(Try it):
Return the data below exactly, but only from the line containing "forall (Rr : R), 1 <= Rr ->" through the line containing "destruct (exists_shell_weight_bound G", with both of those lines included.

[Stored dataset items]
___

Theorem mainTheorem11
  (G : Type) (mul : G -> G -> G) (inv : G -> G) (e : G)
  (Hgrp : is_group mul inv e) (Hcount : countable G)
  (H : G -> Prop) (S : list G)
  (HS_sym : forall s, In s S -> In (inv s) S)
  (HS_gen : forall h, H h <-> exists n, word_le mul e S h n)
  (mu : G -> R)
  (Hmu_nonneg : forall y, 0 <= mu y)
  (Hmu_prob : sums_to mu 1)
  (Hmu_sym : forall y, mu (inv y) = mu y)
  (Hmu_supp : forall y, mu y <> 0 -> H y)
  (d : R) (Hd : 0 < d)
  (phi : R -> R)
  (Hphi_pos : forall t, 0 < t -> 0 < phi t)
  (Hphi_incr : forall s t, 0 < s -> s <= t -> phi s <= phi t)
  (gamma : R) (Hgamma : 0 < gamma) (Hphi_rv : regularly_varying phi gamma)
  (Hvol : exists c1 c2, 0 < c1 /\ 0 < c2 /\
     forall r, 1 <= r -> forall l : list G, NoDup l ->
       (forall h, In h l <-> exists n, word_length mul e S h n /\ INR n <= r) ->
       c1 * Rpower r d <= INR (length l) <= c2 * Rpower r d)
  (Hmu_est : exists c1 c2, 0 < c1 /\ 0 < c2 /\
     forall h n, H h -> word_length mul e S h n ->
       c1 / (phi (1 + INR n) * Rpower (1 + INR n) d) <= mu h <=
       c2 / (phi (1 + INR n) * Rpower (1 + INR n) d))
  (Phi : R -> R)
  (HPhi : forall t, 1 <= t ->
     exists I, improper_int0 (fun s => s / phi s) t I /\ Phi t = t ^ 2 / I) :
  exists C : R,
    forall f : G -> R, in_L2 f ->
    forall (Rr : R), 1 <= Rr ->
    forall (h : G) (n : nat), H h -> word_length mul e S h n -> INR n <= Rr ->
    forall Ssum : R,
      sums_to (fun p : G * G => (f (mul (fst p) (snd p)) - f (fst p)) ^ 2 * mu (snd p)) Ssum ->
      forall l : list G, NoDup l ->
        lsum (fun x => (f (mul x h) - f x) ^ 2) l <= C * Phi Rr * (Ssum / 2).
Proof.
  destruct Hvol as [c1 [c2 [Hc1 [Hc2 Hvl]]]].
  destruct Hmu_est as [a1 [a2 [Ha1 [_ Hmu]]]].
  assert (Hmu_lo : forall w nw, wlen G mul e S w nw ->
                     a1 / (phi (1 + INR nw) * Rpower (1 + INR nw) d) <= mu w)
    by (intros w nw Hw; apply Hmu; [apply HS_gen; exists nw; apply wlen_wle |]; auto).
  assert (Hint : forall t, 1 <= t -> exists I, improper_int0 (sphi phi) t I)
    by (intros t Ht; destruct (HPhi t Ht) as [I [HI _]]; eauto).
  destruct (HPhi 1 (Rle_refl 1)) as [I1 [HI1 _]].
  destruct (regularly_varying_doubling phi Hphi_pos Hphi_incr gamma Hphi_rv) as [Kd [HKd Hdb]].
  destruct (exists_scale_ratio phi Kd HKd Hdb d (c1 / (2 * c2)) Hd)
    as [M [A [HM [Hratio HA]]]]; [apply Rdiv_lt_0_compat; lra|].
  destruct (scale_parameters phi Hphi_pos Hphi_incr Hint M HM A HA I1 HI1) as [K1 Hpar].
  destruct (exists_multiscale_shells G mul e S d c1 c2 Hd Hc1 Hc2 Hvl M HM Hratio)
    as [Zf [Uf [cz [Hcz [HZ [HU HZcard]]]]]].
  destruct (exists_shell_weight_bound G mul e S phi Hphi_pos Hphi_incr Kd HKd Hdb d a1 Hd Ha1 mu Hmu_lo
              M ltac:(lia) Zf Uf (fun j w => proj1 (proj2 (HU j) w)) cz Hcz HZcard) as [K0 [HK0 Hmu_lb]].
  exists (2 * K0 * K1).
  intros f _ Rr HRr h n Hh Hhn Hn Ssum HS l Hl.
  destruct (HPhi Rr HRr) as [I [HI ->]].
  destruct (Hpar Rr I HRr HI) as [J [m [Hcov Hcost]]].
  assert (HSpos : 0 <= Ssum)
    by (destruct HS as [Hub _]; apply Hub; exists []; split; [constructor | reflexivity]).
  eapply Rle_trans.
  { apply (translate_energy_le_multiscale G mul inv e Hgrp S HS_sym M ltac:(lia) Zf Uf HZ HU mu m
             (fun j => phi (INR M ^ j)) J K0 (fun j _ => phi_M_pow_pos phi Hphi_pos M HM j)
             (fun j w Hj => Hmu_lb j w (proj1 Hj)) f h n Hhn HK0 ltac:(lra) Ssum HS l Hl). }
  set (q := Rr ^ 2 / I) in *.
  replace (2 * K0 * K1 * q * (Ssum / 2)) with (K1 * q * K0 * Ssum) by field.
  apply Rmult_le_compat_r; auto. apply Rmult_le_compat_r; auto.
Qed.
Definition r_lattice : Prop :=
  modular /\ principally_generated /\ compactly_generated /\ compact (one L).

(* multiplicatively closed subset: nonempty subset of L_* closed under mul *)
Definition mult_closed (S : L -> Prop) : Prop :=
  (exists s, S s) /\ (forall s, S s -> compact s) /\
  (forall s t, S s -> S t -> S (mul L s t)).

Definition S_compact (S : L -> Prop) (a : L) : Prop :=
  exists b s, compact b /\ S s /\ le L (mul L s a) b /\ le L b a.

Definition S_Noetherian (S : L -> Prop) : Prop := forall a, S_compact S a.

Definition S_prime (S : L -> Prop) (p : L) : Prop :=
  p <> one L /\ (forall t, S t -> ~ le L t p) /\
  exists s, S s /\ forall a b, le L (mul L a b) p ->
     le L (mul L s a) p \/ le L (mul L s b) p.
End Ops.

(* If some element is not S-compact, Zorn's lemma gives an element p maximal
   among the non-S-compact ones: a compact element below the join of a chain
   lies below a member of the chain.  Such a p is prime.  Otherwise ab <= p with
   a, b not below p, and a principal x <= a lies outside p; then p v x and
   (p : x) strictly exceed p, so both are S-compact.  Modularity gives
   s p <= p0 v (x ^ p) for a compact p0 <= p, and x ^ p <= x (p : x) by meet
   principality, so the product t s of the two witnesses makes p S-compact.
   Hence p is S-prime (with s = 1) but not S-compact. *)

From mathcomp Require Import ssreflect ssrfun ssrbool boolp classical_sets.
From Stdlib Require Import List Classical.

#[local] Arguments le_refl {m} a.
#[local] Arguments le_trans {m a b c}.
#[local] Arguments le_antisym {m a b}.
#[local] Arguments sup_ub {m X x}.
#[local] Arguments sup_least {m X b}.
#[local] Arguments mulC {m}.
#[local] Arguments mulA {m}.
#[local] Arguments mul1 {m}.
#[local] Arguments one_top {m}.
#[local] Arguments mul_sup {m}.

Declare Scope mlattice_scope.
Local Notation "x <= y" := (le _ x y) : mlattice_scope.
Local Notation "x * y" := (mul _ x y) : mlattice_scope.
Local Open Scope mlattice_scope.

Section MultLatticeTheory.
Context {L : MultLattice}.
Implicit Types (a b c d m p x y z : L) (X D : L -> Prop).

Definition lsup (l : list L) : L := sup L (fun w => In w l).

Definition directed D : Prop :=
  (exists d, D d) /\
  forall d e, D d -> D e -> exists f, [/\ D f, d <= f & e <= f].

Lemma le_sup {X x a} : X x -> a <= x -> a <= sup L X.
Proof. by move=> Xx ax; apply: le_trans ax (sup_ub Xx). Qed.

Lemma sup_le_sup X Y :
  (forall x, X x -> exists2 y, Y y & x <= y) -> sup L X <= sup L Y.
Proof.
by move=> XY; apply: sup_least => x /XY [y Yy xy]; exact: le_sup Yy xy.
Qed.

Lemma lsup_incl {l l'} : incl l l' -> lsup l <= lsup l'.
Proof.
by move=> ll'; apply: sup_le_sup => w /ll' w_l'; exists w => //; apply: le_refl.
Qed.

Lemma zero_least a : zero <= a.
Proof. by apply: sup_least. Qed.

Lemma join_l a b : a <= join a b.
Proof. by apply: sup_ub; left. Qed.

Lemma join_r a b : b <= join a b.
Proof. by apply: sup_ub; right. Qed.

Lemma join_least {a b c} : a <= c -> b <= c -> join a b <= c.
Proof. by move=> ac bc; apply: sup_least => z [-> | ->]. Qed.

Lemma join_mono {a a' b b'} : a <= a' -> b <= b' -> join a b <= join a' b'.
Proof.
move=> aa' bb'; apply: join_least.
- exact: le_trans aa' (join_l _ _).
- exact: le_trans bb' (join_r _ _).
Qed.

Lemma meet_l a b : meet a b <= a.
Proof. by apply: sup_least => z []. Qed.

Lemma meet_r a b : meet a b <= b.
Proof. by apply: sup_least => z []. Qed.

Lemma meet_glb {a b c} : c <= a -> c <= b -> c <= meet a b.
Proof. by move=> ca cb; apply: sup_ub. Qed.

Lemma meetC a b : meet a b = meet b a.
Proof.
by apply: le_antisym; apply: meet_glb; (exact: meet_l || exact: meet_r).
Qed.

Lemma le_mul2l m {a b} : a <= b -> m * a <= m * b.
Proof.
move=> ab; have -> : b = join a b.
  apply: le_antisym; first exact: join_r.
  by apply: join_least => //; apply: le_refl.
by rewrite /join mul_sup; apply: sup_ub; exists a; split=> //; left.
Qed.

Lemma le_mul2r m {a b} : a <= b -> a * m <= b * m.
Proof. by move=> ab; rewrite ![_ * m]mulC; exact: le_mul2l. Qed.

Lemma mul_le_r m a : m * a <= a.
Proof. by rewrite -{2}(mul1 a); apply: le_mul2r; apply: one_top. Qed.

Lemma mul_le_l m a : a * m <= a.
Proof. by rewrite mulC; exact: mul_le_r. Qed.

Lemma mul_join m a b : m * join a b <= join (m * a) (m * b).
Proof.
rewrite /join mul_sup; apply: sup_least => _ [z [[-> | ->] ->]].
- exact: join_l.
- exact: join_r.
Qed.

Lemma mul_colon_le a m : m * colon a m <= a.
Proof.
rewrite mulC /colon mulC mul_sup.
by apply: sup_least => _ [z [zm ->]]; rewrite mulC.
Qed.

Lemma le_colon a m z : z * m <= a -> z <= colon a m.
Proof. by move=> zm; apply: sup_ub. Qed.

Lemma colon_mono a a' m : a <= a' -> colon a m <= colon a' m.
Proof.
move=> aa'; apply: le_colon; rewrite mulC.
exact: le_trans (mul_colon_le _ _) aa'.
Qed.

Lemma meet_principal_le a {m} : meet_principal m -> meet a m <= m * colon a m.
Proof.
move=> /(_ a (one L)); rewrite [m * one L]mulC mul1 => ->.
by apply: le_mul2l; exact: meet_l.
Qed.

Lemma compact_le_directed {c D} :
  compact c -> directed D -> c <= sup L D -> exists2 d, D d & c <= d.
Proof.
move=> c_c [[d0 Dd0] D_up] cD.
have [l [Dl c_l]] := c_c D cD.
suff [f Df l_f] : exists2 f, D f & forall w, In w l -> w <= f.
  by exists f => //; exact: le_trans c_l (sup_least l_f).
elim: l Dl {c_l} => [|w l IH] Dl; first by exists d0.
have [f Df l_f] := IH (fun v lv => Dl v (or_intror lv)).
have [g [Dg wg fg]] := D_up w f (Dl w (or_introl erefl)) Df.
by exists g => // v [<- | lv]; [exact: wg | exact: le_trans (l_f v lv) fg].
Qed.

Lemma chain_directed D : (exists d, D d) -> total_on D (le L) -> directed D.
Proof.
move=> D_ne D_tot; split=> // d e Dd De.
by case: (D_tot d e Dd De) => [de|ed]; [exists e | exists d];
  split=> //; apply: le_refl.
Qed.

Lemma compact_zero : compact (@zero L).
Proof. by move=> X _; exists nil; split=> //; exact: zero_least. Qed.

Lemma compact_join a b : compact a -> compact b -> compact (join a b).
Proof.
move=> a_c b_c X abX.
have [la [Xla a_la]] := a_c X (le_trans (join_l a b) abX).
have [lb [Xlb b_lb]] := b_c X (le_trans (join_r a b) abX).
exists (la ++ lb); split; first by move=> w /(in_app_or _ _ w) []; auto.
apply: join_least.
- exact: le_trans a_la (lsup_incl (incl_appl _ (incl_refl _))).
- exact: le_trans b_lb (lsup_incl (incl_appr _ (incl_refl _))).
Qed.

Lemma S_compact_ge {S t a} : (forall s, S s -> compact s) ->
  S t -> t <= a -> S_compact S a.
Proof. by move=> S_c St ta; exists t, t; do !split; auto using mul_le_l. Qed.

Lemma S_compact_sup_directed {S D} :
  directed D -> S_compact S (sup L D) -> exists2 d, D d & S_compact S d.
Proof.
move=> D_dir [b [s [b_c [Ss [sb bD]]]]].
have [d Dd bd] := compact_le_directed b_c D_dir bD.
exists d => //; exists b, s; do !split => //.
exact: le_trans (le_mul2l s (sup_ub Dd)) sb.
Qed.

Lemma exists_maximal_not_S_compact {S a} : ~ S_compact S a ->
  exists p, ~ S_compact S p /\
            forall q, p <= q -> ~ q <= p -> S_compact S q.
Proof.
move=> a_nSc; pose T := {x : L | ~ S_compact S x}.
have [u|u v w /asboolP uv /asboolP vw|A A_tot|[p p_nSc] p_max] :=
  @ZL_preorder T (exist _ a a_nSc) (fun u v => `[< sval u <= sval v >]).
- by apply/asboolP; apply: le_refl.
- by apply/asboolP; exact: le_trans uv vw.
- case: (classic (exists u, A u)) => [[u0 Au0] | A_empty]; last first.
    by exists (exist _ a a_nSc) => u Au; case: A_empty; exists u.
  pose C x := exists2 u, A u & x = sval u.
  have C_dir : directed C.
    apply: chain_directed; first by exists (sval u0), u0.
    move=> _ _ [u Au ->] [v Av ->].
    by case: (A_tot u v Au Av) => /asboolP; auto.
  have C_nSc : ~ S_compact S (sup L C).
    by move=> /(S_compact_sup_directed C_dir) [_ [u _ ->]]; exact: svalP u.
  exists (exist _ (sup L C) C_nSc : T) => u Au.
  by apply/asboolP; apply: sup_ub; exists u.
- exists p; split=> // q pq q_np; apply: NNPP => q_nSc; apply: q_np.
  by have /asboolP := p_max (exist _ q q_nSc) (asboolT pq).
Qed.

Section RLattice.
Hypothesis modL : @modular L.
Hypothesis pgL : @principally_generated L.
Hypothesis cgL : @compactly_generated L.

___

(The answer):
    forall (Rr : R), 1 <= Rr ->
    forall (h : G) (n : nat), H h -> word_length mul e S h n -> INR n <= Rr ->
    forall Ssum : R,
      sums_to (fun p : G * G => (f (mul (fst p) (snd p)) - f (fst p)) ^ 2 * mu (snd p)) Ssum ->
      forall l : list G, NoDup l ->
        lsum (fun x => (f (mul x h) - f x) ^ 2) l <= C * Phi Rr * (Ssum / 2).
Proof.
  destruct Hvol as [c1 [c2 [Hc1 [Hc2 Hvl]]]].
  destruct Hmu_est as [a1 [a2 [Ha1 [_ Hmu]]]].
  assert (Hmu_lo : forall w nw, wlen G mul e S w nw ->
                     a1 / (phi (1 + INR nw) * Rpower (1 + INR nw) d) <= mu w)
    by (intros w nw Hw; apply Hmu; [apply HS_gen; exists nw; apply wlen_wle |]; auto).
  assert (Hint : forall t, 1 <= t -> exists I, improper_int0 (sphi phi) t I)
    by (intros t Ht; destruct (HPhi t Ht) as [I [HI _]]; eauto).
  destruct (HPhi 1 (Rle_refl 1)) as [I1 [HI1 _]].
  destruct (regularly_varying_doubling phi Hphi_pos Hphi_incr gamma Hphi_rv) as [Kd [HKd Hdb]].
  destruct (exists_scale_ratio phi Kd HKd Hdb d (c1 / (2 * c2)) Hd)
    as [M [A [HM [Hratio HA]]]]; [apply Rdiv_lt_0_compat; lra|].
  destruct (scale_parameters phi Hphi_pos Hphi_incr Hint M HM A HA I1 HI1) as [K1 Hpar].
  destruct (exists_multiscale_shells G mul e S d c1 c2 Hd Hc1 Hc2 Hvl M HM Hratio)
    as [Zf [Uf [cz [Hcz [HZ [HU HZcard]]]]]].
  destruct (exists_shell_weight_bound G mul e S phi Hphi_pos Hphi_incr Kd HKd Hdb d a1 Hd Ha1 mu Hmu_lo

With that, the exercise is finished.